Martin, knowing nothing of her having dismissed her other suitors in favor of him, and believing she is going to marry the consul, goes to the villa to confront her, and she is too proud to tell him the truth. In his rage, he strangles her, and the villa catches on fire, destroying all the evidence. He goes home in shock and reveals what he did. His sister promises him an alibi and enlists the postman as a witness, turning the clock back, so that it will seem to the usually drunken postman that Martin was having lunch when the crime took place.

His trial is going badly for him until under questioning Blanche's uncle (who was not really her uncle at all, but a former lover and mentor who she formed a lasting friendship with) reveals that from her teens she had many men (Martin, forgetting his peril, protests this line of attack from his attorney, saying he doesn't want her reputation smeared). But even while exonerating Martin, lying about how he saw no anger in him shortly before the murder, the old man aims a telling emotional blow when he reveals that she had rejected the consul and his wealth, because of the man's petty snobbery towards the 'bricklayer.' Martin now feels the full impact of what he has done, the injustice he has committed towards the only woman he ever loved.

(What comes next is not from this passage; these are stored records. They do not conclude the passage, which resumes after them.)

(* Near [mu], on the scale [1 / g'(mu)], [g] is affine up to [o(1)] because
   [g'' = o(g'^2)]; farther away both sides are at most [exp (- M / 2)]. *)
Lemma f_ratio_close e T M C mu :
  (forall t, T <= t -> d2g t <= e * dg t ^ 2) -> t0 + 1 <= T -> 0 <= e -> 0 <= M -> e * M <= 1 ->
  (forall t, 0 <= t <= t0 + 1 -> f t <= C) -> C * exp (M / 2) <= f mu ->
  T + M / dg (t0 + 1) <= mu ->
  forall v, 0 <= v <= mu ->
  Rabs (f v / f mu - exp (dg mu * (v - mu))) <= Rmax (e * M * M) (exp (- (M / 2))).
Proof.
  intros Hsmall HT He HM HeM HC HCmu Hmu v Hv.
  pose proof t0_nonneg. assert (0 <= e * M) by (apply Rmult_le_pos; lra). pose proof (dg_pos (t0 + 1) ltac:(lra)) as Hd1.
  assert (HMd : 0 <= M / dg (t0 + 1)) by (apply Rdiv_le_0_compat; lra).
  set (D := dg mu).
  assert (HD : dg (t0 + 1) <= D) by (apply dg_nondecreasing; lra).
  assert (HMD : M / D <= M / dg (t0 + 1)).
  { unfold Rdiv. apply Rmult_le_compat_l; [lra|]. apply Rinv_le_contravar; lra. }
  assert (HMD0 : 0 <= M / D) by (apply Rdiv_le_0_compat; lra).
  assert (HDM : D * (M / D) = M) by (field; lra).
  destruct (Rle_dec (D * (mu - v)) M) as [Hnear|Hfar].
  { eapply Rle_trans; [apply (f_ratio_near e T M); auto; try lra|apply Rmax_l].
    split; [|lra]. assert (mu - v <= M / D); [|lra].
    apply Rmult_le_reg_l with D; lra. }
  set (small := exp (- (M / 2))).
  pose proof (exp_pos (- (M / 2))) as Hsmall0. fold small in Hsmall0.
  assert (Hfmu : 0 < f mu) by (apply f_pos; lra).
  assert (Hz : 0 < exp (D * (v - mu)) <= small).
  { split; [apply exp_pos|]. apply exp_le_exp_of_le. lra. }
  assert (Hratio : 0 <= f v / f mu <= small).
  { split; [apply Rdiv_le_0_compat; [apply Hf|]; lra|].
    destruct (Rle_dec (t0 + 1) v).
    - eapply Rle_trans; [apply (f_ratio_far e T M); auto; fold D; try lra|].
      + split; [lra|]. assert (M / D < mu - v); [|lra].
        apply Rmult_lt_reg_l with D; lra.
      + apply exp_le_exp_of_le, Ropp_le_contravar. unfold Rdiv.
        apply Rmult_le_compat_l; [lra|]. apply Rinv_le_contravar; lra.
    - apply Rmult_le_reg_r with (f mu); auto. unfold Rdiv.
      rewrite Rmult_assoc, Rinv_l by lra. specialize (HC v ltac:(lra)).
      unfold small. rewrite exp_Ropp.
      apply Rmult_le_reg_r with (exp (M / 2)); [apply exp_pos|].
      replace (/ exp (M / 2) * f mu * exp (M / 2)) with (f mu)
        by (field; pose proof (exp_pos (M / 2)); lra).
      pose proof (exp_pos (M / 2)). nra. }
  eapply Rle_trans; [|apply Rmax_r]. apply Rabs_le. unfold D in *. lra.
Qed.

Lemma f_ratio_exp_approx eps :
  0 < eps <= 1 -> exists T, t0 + 1 <= T /\ forall mu, T <= mu ->
  (forall v, 0 <= v <= mu -> f v <= f mu) /\
  (forall v, 0 <= v <= mu -> Rabs (f v / f mu - exp (dg mu * (v - mu))) <= eps).
Proof.
  intros Heps. pose proof t0_nonneg.
  set (M := 2 / eps). set (e := eps / (M * M)).
  assert (HM : M / 2 = / eps) by (unfold M; field; lra).
  assert (HM2 : 2 <= M) by (unfold M; apply Rmult_le_reg_r with eps; [lra|];
    unfold Rdiv; rewrite Rmult_assoc, Rinv_l; nra).
  assert (He : 0 < e) by (unfold e; apply Rdiv_lt_0_compat; nra).
  assert (HeMM : e * M * M = eps) by (unfold e; field; lra).
  assert (HeM1 : e * M <= 1) by (apply Rmult_le_reg_r with M; nra).
  destruct (d2g_little_o e He) as [T1 [HT1 Hsmall]].
  destruct f_bounded_on_initial as [C [HC0 HC]].
  destruct (f_unbounded (C * exp (M / 2))) as [T2 [HT2 Hbig]].
  pose proof (dg_pos (t0 + 1) ltac:(lra)) as Hd1.
  set (T := Rmax (T1 + M / dg (t0 + 1)) T2).
  exists T. split; [pose proof (Rmax_r (T1 + M / dg (t0 + 1)) T2); unfold T in *; lra|].
  intros mu Hmu. pose proof (Rmax_l (T1 + M / dg (t0 + 1)) T2).
  pose proof (Rmax_r (T1 + M / dg (t0 + 1)) T2). specialize (Hbig mu ltac:(unfold T in *; lra)).
  assert (C <= C * exp (M / 2)) by (pose proof (exp_ge_1 (M / 2) ltac:(lra)); nra).
  split; [apply (f_le_f_large C); auto; unfold T in *; lra|].
  intros v Hv. eapply Rle_trans; [apply (f_ratio_close e T1 M C); auto; unfold T in *; lra|].
  rewrite HeMM, HM. apply Rmax_lub; [lra | apply exp_neg_inv_le; lra].
Qed.

End Nonlinearity.

Lemma ex_RInt_of_cont_Icc I a b : a <= b -> cont_Icc a b I -> ex_RInt I a b.
Proof.
  intros Hab HI. apply ex_RInt_ext with (f := fun y => I (clamp a b y)).
  - rewrite Rmin_left, Rmax_right by lra. intros x Hx. rewrite clamp_id; lra.
  - apply (ex_RInt_continuous (V := R_CompleteNormedModule)).
    intros z _. apply continuity_pt_filterlim, HI.
Qed.
Lemma supp_path_incident_head vs es e : supp_path vs es -> In e es ->
  incident G e (nth 0 vs 0%nat) -> e = nth 0 es 0%nat.
Proof.
  intros [Hl [Hnd [_ [_ [_ Hj]]]]] Hin Hinc.
  destruct (In_nth es e 0%nat Hin) as [[|j] [Hjl <-]]; [reflexivity | exfalso].
  destruct (joins_incident _ _ _ _ _ (Hj (S j) Hjl) Hinc) as [Heq|Heq];
    apply (proj1 (NoDup_nth vs 0%nat) Hnd) in Heq; lia.
Qed.

Lemma supp_path_close vs es m e' : supp_path vs es -> (m < length vs)%nat -> supp e' ->
  ~ In e' es -> joins G e' (nth m vs 0%nat) (nth 0 vs 0%nat) ->
  is_cycle G (firstn m es ++ e' :: nil) (firstn (S m) vs) /\
  (forall e, In e (firstn m es ++ e' :: nil) -> supp e).
Proof.
  intros [Hl [Hndv [Hnde [_ [HS Hj]]]]] Hm He' Hnin Hclose.
  assert (Hlen : length (firstn m es ++ e' :: nil) = S m).
  { rewrite length_app, firstn_length_le by lia; simpl; lia. }
  assert (HSc : forall e, In e (firstn m es ++ e' :: nil) -> supp e).
  { intros e Hin; apply in_app_or in Hin as [Hin|[<-|[]]]; [|exact He'].
    apply HS, (firstn_In_l _ _ _ Hin). }
  split; [|exact HSc].
  unfold is_cycle; rewrite Hlen, firstn_length_le by lia.
  split; [lia|]; split; [reflexivity|]; split.
  { apply NoDup_app; [apply NoDup_firstn, Hnde | repeat constructor; auto |].
    intros e Hin [<-|[]]; apply Hnin, (firstn_In_l _ _ _ Hin). }
  split; [apply NoDup_firstn, Hndv|].
  split; [intros e Hin; apply supp_edge, HSc, Hin|].
  intros i Hi; cbv zeta.
  destruct (Nat.eq_dec i m) as [->|Hne].
  - rewrite app_nth2, firstn_length_le, Nat.sub_diag by (rewrite ?firstn_length_le; lia).
    replace ((m + 1) mod S m)%nat with 0%nat
      by (rewrite Nat.add_1_r; symmetry; apply Nat.Div0.mod_same).
    rewrite !nth_firstn, !(proj2 (Nat.ltb_lt _ _)) by lia.
    destruct Hclose; tauto.
  - rewrite Nat.mod_small, app_nth1 by (rewrite ?firstn_length_le; lia).
    rewrite !nth_firstn, !(proj2 (Nat.ltb_lt _ _)) by lia.
    rewrite Nat.add_1_r; destruct (Hj i ltac:(lia)); tauto.
Qed.
(* Let $H$ be a finite, connected, $d$-regular graph on $[n]$, let $i_0$ be a vertex of $H$, and let $j_1,\dots,j_\ell$ ($1\le\ell\le d$) be distinct neighbours of $i_0$. Then: (i) $\Phi_{\ell-1}(x_{i_0};x_{j_1},\dots,x_{j_\ell})\in\mathbb{I}(U(H))$; (ii) $\Phi_{\ell-1}(x_0;x_1,\dots,x_\ell)$ is symmetric in $x_1,\dots,x_\ell$, and its total degree in the variables $x_0,\dots,x_\ell$ is $2d-\ell+1$; (iii) if $\overline{c}\in\mathbb{C}^m$ and $u_0\in\mathbb{C}$ are such that $\Phi_{\overline{c}}(u_0,y)$ has $d$ distinct roots $u_1,\dots,u_d$, then the set of solutions $(x_1,\dots,x_d)\in\mathbb{C}^d$ of the system $\Phi_0(u_0;x_1)=\Phi_1(u_0;x_1,x_2)=\dots=\Phi_{d-1}(u_0;x_1,\dots,x_d)=0$ (coefficients specialized at $\overline{c}$) is exactly the set of all permutations of $(u_1,\dots,u_d)$.
   Context: Let $\overline{a}=(a_{ij})_{0\le j\le i\le d}$ be $m=(d+1)(d+2)/2$ indeterminates, with $a_{ji}=a_{ij}$, and $\Phi(x,y)=\Phi_{\overline{a}}(x,y)=\sum_{i,j=0}^d a_{ij}x^iy^j$; $\Phi_{\overline{c}}$ denotes its specialization at $\overline{c}\in\mathbb{C}^m$. Define $\Phi_0(x_0;x_1)=\Phi(x_0,x_1)$ and recursively, for $\ell\ge 2$, $\Phi_{\ell-1}(x_0;x_1,\dots,x_\ell)=\dfrac{\Phi_{\ell-2}(x_0;x_1,\dots,x_{\ell-1})-\Phi_{\ell-2}(x_0;x_1,\dots,x_{\ell-2},x_\ell)}{x_\ell-x_{\ell-1}}$ (a polynomial). With $E$ the edge set of $H$: $S(H)=\{\Phi_{\overline{a}}(x_i,x_j):ij\in E\}\subseteq\mathbb{C}[\overline{a},x_1,\dots,x_n]$, $W(H)=\mathbb{V}(S(H))\subseteq\mathbb{C}^{m+n}$, $Z(H)=W(H)\cap\bigcup_{i>j}\mathbb{V}(x_i-x_j)$, $U(H)=\overline{W(H)\setminus Z(H)}$ (Zariski closure), and $\mathbb{I}(U(H))$ is the ideal of polynomials vanishing on $U(H)$. *)

From HB Require Import structures.
From Stdlib Require Import ClassicalEpsilon.
From mathcomp Require Import all_boot all_order all_algebra all_fingroup.
From mathcomp Require Import Rstruct.
From mathcomp Require Import complex.
From mathcomp Require Import mpoly.



Unset Printing Implicit Defensive.

Import Order.TTheory GRing.Theory Num.Theory.
Local Open Scope ring_scope.

Definition CC : closedFieldType := (Rdefinitions.R)[i].

(* m = (d+1)(d+2)/2 : number of indeterminates a_ij, 0 <= j <= i <= d. *)
Definition nA (d : nat) : nat := ((d.+1 * d.+2) %/ 2)%N.

Lemma nA_gt0 (d : nat) : (0 < nA d)%N.
Proof.
by rewrite /nA divn_gt0 // (leq_trans (_ : 2 <= 1 * 2)%N) // leq_mul.
Qed.
(* Let $G$ and $H$ be finite graphs such that $H$ fractionally tiles $G$. Let $f(K)$ denote any one of the following for a graph $K$: (a) the number of independent sets in $K$; (b) the number of proper colorings of $K$ with a fixed number $q$ of colors; (c) the total weight of the homomorphisms from $K$ to a fixed finite graph $F$, where the vertices of $F$ carry arbitrary fixed positive weights. Then $$f(G)^{1/|G|}\le f(H)^{1/|H|}.$$
   Context: A set of vertices is independent if no two of its vertices are adjacent (the empty set counts). A homomorphism from $K$ to $F$ is a map $V(K)\to V(F)$ sending adjacent vertices to adjacent vertices. Given $w:V(F)\to(0,\infty)$, the weight of a map $\phi:V(K)\to V(F)$ is $\prod_{x\in V(K)}w(\phi(x))$, and the total weight of a set of maps is the sum of their weights. A copy of $H$ in $G$ is a subgraph isomorphic to $H$; $H$ fractionally tiles $G$ means there is a finite list of copies of $H$ in $G$ such that every vertex of $G$ is covered the same number of times. $|K|$ is the number of vertices. *)

From HB Require Import structures.
From mathcomp Require Import all_boot all_order all_algebra.
From mathcomp Require Import all_classical all_reals all_analysis.
Set Implicit Arguments. Unset Strict Implicit. Unset Printing Implicit Defensive.
Import Order.TTheory GRing.Theory Num.Theory.
Local Open Scope ring_scope.

Definition simple_graph (V : finType) (e : rel V) : Prop :=
  symmetric e /\ irreflexive e.

Definition independent (V : finType) (e : rel V) (S : {set V}) : bool :=
  [forall x in S, forall y in S, ~~ e x y].

Definition num_indep (V : finType) (e : rel V) : nat :=
  #|[set S : {set V} | independent e S]|.

Definition proper_coloring (V : finType) (e : rel V) (q : nat)
  (c : {ffun V -> 'I_q}) : bool :=
  [forall x, forall y, e x y ==> (c x != c y)].

Definition num_colorings (V : finType) (e : rel V) (q : nat) : nat :=
  #|[set c : {ffun V -> 'I_q} | proper_coloring e c]|.

Definition is_hom (VK VF : finType) (eK : rel VK) (eF : rel VF)
  (phi : {ffun VK -> VF}) : bool :=
  [forall x, forall y, eK x y ==> eF (phi x) (phi y)].

Definition hom_weight (R : realType) (VK VF : finType) (eK : rel VK) (eF : rel VF)
  (w : VF -> R) : R :=
  \sum_(phi : {ffun VK -> VF} | is_hom eK eF phi) \prod_(x : VK) w (phi x).

Definition is_copy (VH VG : finType) (eH : rel VH) (eG : rel VG)
  (S : {set VG}) (E : rel VG) : Prop :=
  (forall x y, E x y -> eG x y) /\
  (forall x y, E x y -> x \in S /\ y \in S) /\
  exists phi : VH -> VG,
    injective phi /\ S = [set phi x | x in VH] /\
    (forall x y, eH x y = E (phi x) (phi y)).

Definition frac_tiles (VH VG : finType) (eH : rel VH) (eG : rel VG) : Prop :=
  exists (L : seq ({set VG} * rel VG)) (k : nat),
    (0 < k)%N /\
    (forall i, (i < size L)%N -> is_copy eH eG (nth (@finset.set0 VG, fun _ _ => false) L i).1 (nth (@finset.set0 VG, fun _ _ => false) L i).2) /\
    (forall v : VG, count (fun c : {set VG} * rel VG => v \in c.1) L = k).

From HB Require Import structures.
From mathcomp Require Import all_boot all_order all_algebra.
From mathcomp Require Import all_classical all_reals all_analysis.
Set Implicit Arguments. Unset Strict Implicit. Unset Printing Implicit Defensive.
Import Order.TTheory GRing.Theory Num.Theory.
Local Open Scope ring_scope.
(* Let $H$ be a complex Hilbert space, $A\in B(H)$ a nonzero positive semidefinite operator with closed range, and $T\in B_{A^{1/2}}(H)$. Then every $\lambda\in\mathbb C$ with $|\lambda|>\|T\|_A$ belongs to $\rho_A(T)$.
   Context: $\|x\|_A=\langle Ax,x\rangle^{1/2}$. For $S\in B(H)$, $\|S\|_A=\sup\{\|Sx\|_A : x\in\overline{R(A)},\ \|x\|_A=1\}$. $B_{A^{1/2}}(H)=\{S\in B(H): R(S^*A^{1/2})\subset R(A^{1/2})\}$. $S\in B_{A^{1/2}}(H)$ is $A$-invertible in $B_{A^{1/2}}(H)$ if there is a nonzero $R\in B_{A^{1/2}}(H)$ with $ASR=ARS=A$; $\rho_A(S)=\{\lambda\in\mathbb C:\lambda I-S$ is $A$-invertible in $B_{A^{1/2}}(H)\}$. *)

From HB Require Import structures.
From mathcomp Require Import all_boot all_order all_algebra.
From mathcomp Require Import classical_sets reals.
From mathcomp Require Import complex.
Set Implicit Arguments. Unset Strict Implicit. Unset Printing Implicit Defensive.
Import Order.TTheory GRing.Theory Num.Theory.
Local Open Scope ring_scope.

Section Hilbert.
Variables (R : realType) (V : lmodType R[i]) (ip : V -> V -> R[i]).

Definition inner_product : Prop :=
  [/\ (forall (a : R[i]) (x y z : V), ip (a *: x + y) z = a * ip x z + ip y z),
      (forall x y : V, ip y x = (ip x y)^*),
      (forall x : V, 0 <= ip x x) &
      (forall x : V, ip x x = 0 -> x = 0)].

Definition hnorm (x : V) : R := Num.sqrt (complex.Re (ip x x)).

Definition hconv (u : nat -> V) (l : V) : Prop :=
  forall e : R, 0 < e -> exists N : nat, forall n, (N <= n)%N -> hnorm (u n - l) < e.

Definition hcauchy (u : nat -> V) : Prop :=
  forall e : R, 0 < e -> exists N : nat,
    forall m n, (N <= m)%N -> (N <= n)%N -> hnorm (u m - u n) < e.

Definition hcomplete : Prop := forall u, hcauchy u -> exists l, hconv u l.

Definition hilbert : Prop := inner_product /\ hcomplete.

Definition lin_op (S : V -> V) : Prop :=
  forall (a : R[i]) (x y : V), S (a *: x + y) = a *: S x + S y.

Definition bounded_op (S : V -> V) : Prop :=
  lin_op S /\ exists M : R, forall x, hnorm (S x) <= M * hnorm x.

Definition positive_op (A : V -> V) : Prop := forall x, 0 <= ip (A x) x.

Definition nonzero_op (S : V -> V) : Prop := exists x, S x != 0.


Definition hclosed (P : set V) : Prop :=
  forall u l, (forall n, P (u n)) -> hconv u l -> P l.

Definition hclosure (P : set V) : set V :=
  [set x | exists u, (forall n, P (u n)) /\ hconv u x].

Definition is_adjoint (S S' : V -> V) : Prop :=
  forall x y, ip (S x) y = ip x (S' y).

Definition is_pos_sqrt (A B : V -> V) : Prop :=
  [/\ bounded_op B, positive_op B & forall x, B (B x) = A x].

Definition Anorm (A : V -> V) (x : V) : R := Num.sqrt (complex.Re (ip (A x) x)).

Definition Aopnorm (A S : V -> V) : R :=
  sup [set r | exists x, [/\ hclosure (range A) x, Anorm A x = 1 & r = Anorm A (S x)]].

Definition in_BAhalf (B S : V -> V) : Prop :=
  bounded_op S /\
  exists S', is_adjoint S S' /\ (range (fun x => S' (B x)) `<=` range B)%classic.

Definition A_invertible (A B S : V -> V) : Prop :=
  exists Rop : V -> V, [/\ nonzero_op Rop, in_BAhalf B Rop,
     (forall x, A (S (Rop x)) = A x) & (forall x, A (Rop (S x)) = A x)].

Definition rhoA (A B S : V -> V) : set R[i] :=
  [set lam | A_invertible A B (fun x => lam *: x - S x)].

End Hilbert.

The jury acquits him unanimously and he goes home to a party organized by his sister, whose perjury was believed. In the shadows is the rebuffed teacher, who has been watching the entire trial, watching Martin closely, seeing his reaction to the revelation that she had, in fact, been true to him in her heart. Martin sees the young man in the barn, watching him, holding a gun. He deliberately turns his back, silhouetted in the open window, waiting for the shots he knows are coming, while he smokes his last Gauloise.

==Cast==
- Jean Gabin as Martin Roumagnac
- Marlène Dietrich as Blanche Ferrand
- Margo Lion as Martin's sister
- Jean d'Yd as Blanche's uncle
- Daniel Gélin as teacher transfixed by Blanche
- Marcel Herrand as Laubry, the diplomat
- Lucien Nat as Blanche's lover before Martin

==Production==
Filming took place at the Studios de Saint-Maurice in Val-de-Marne. Exterior scenes were filmed at the Château de Vaudrémont near Saint-Dizier (Haute-Marne).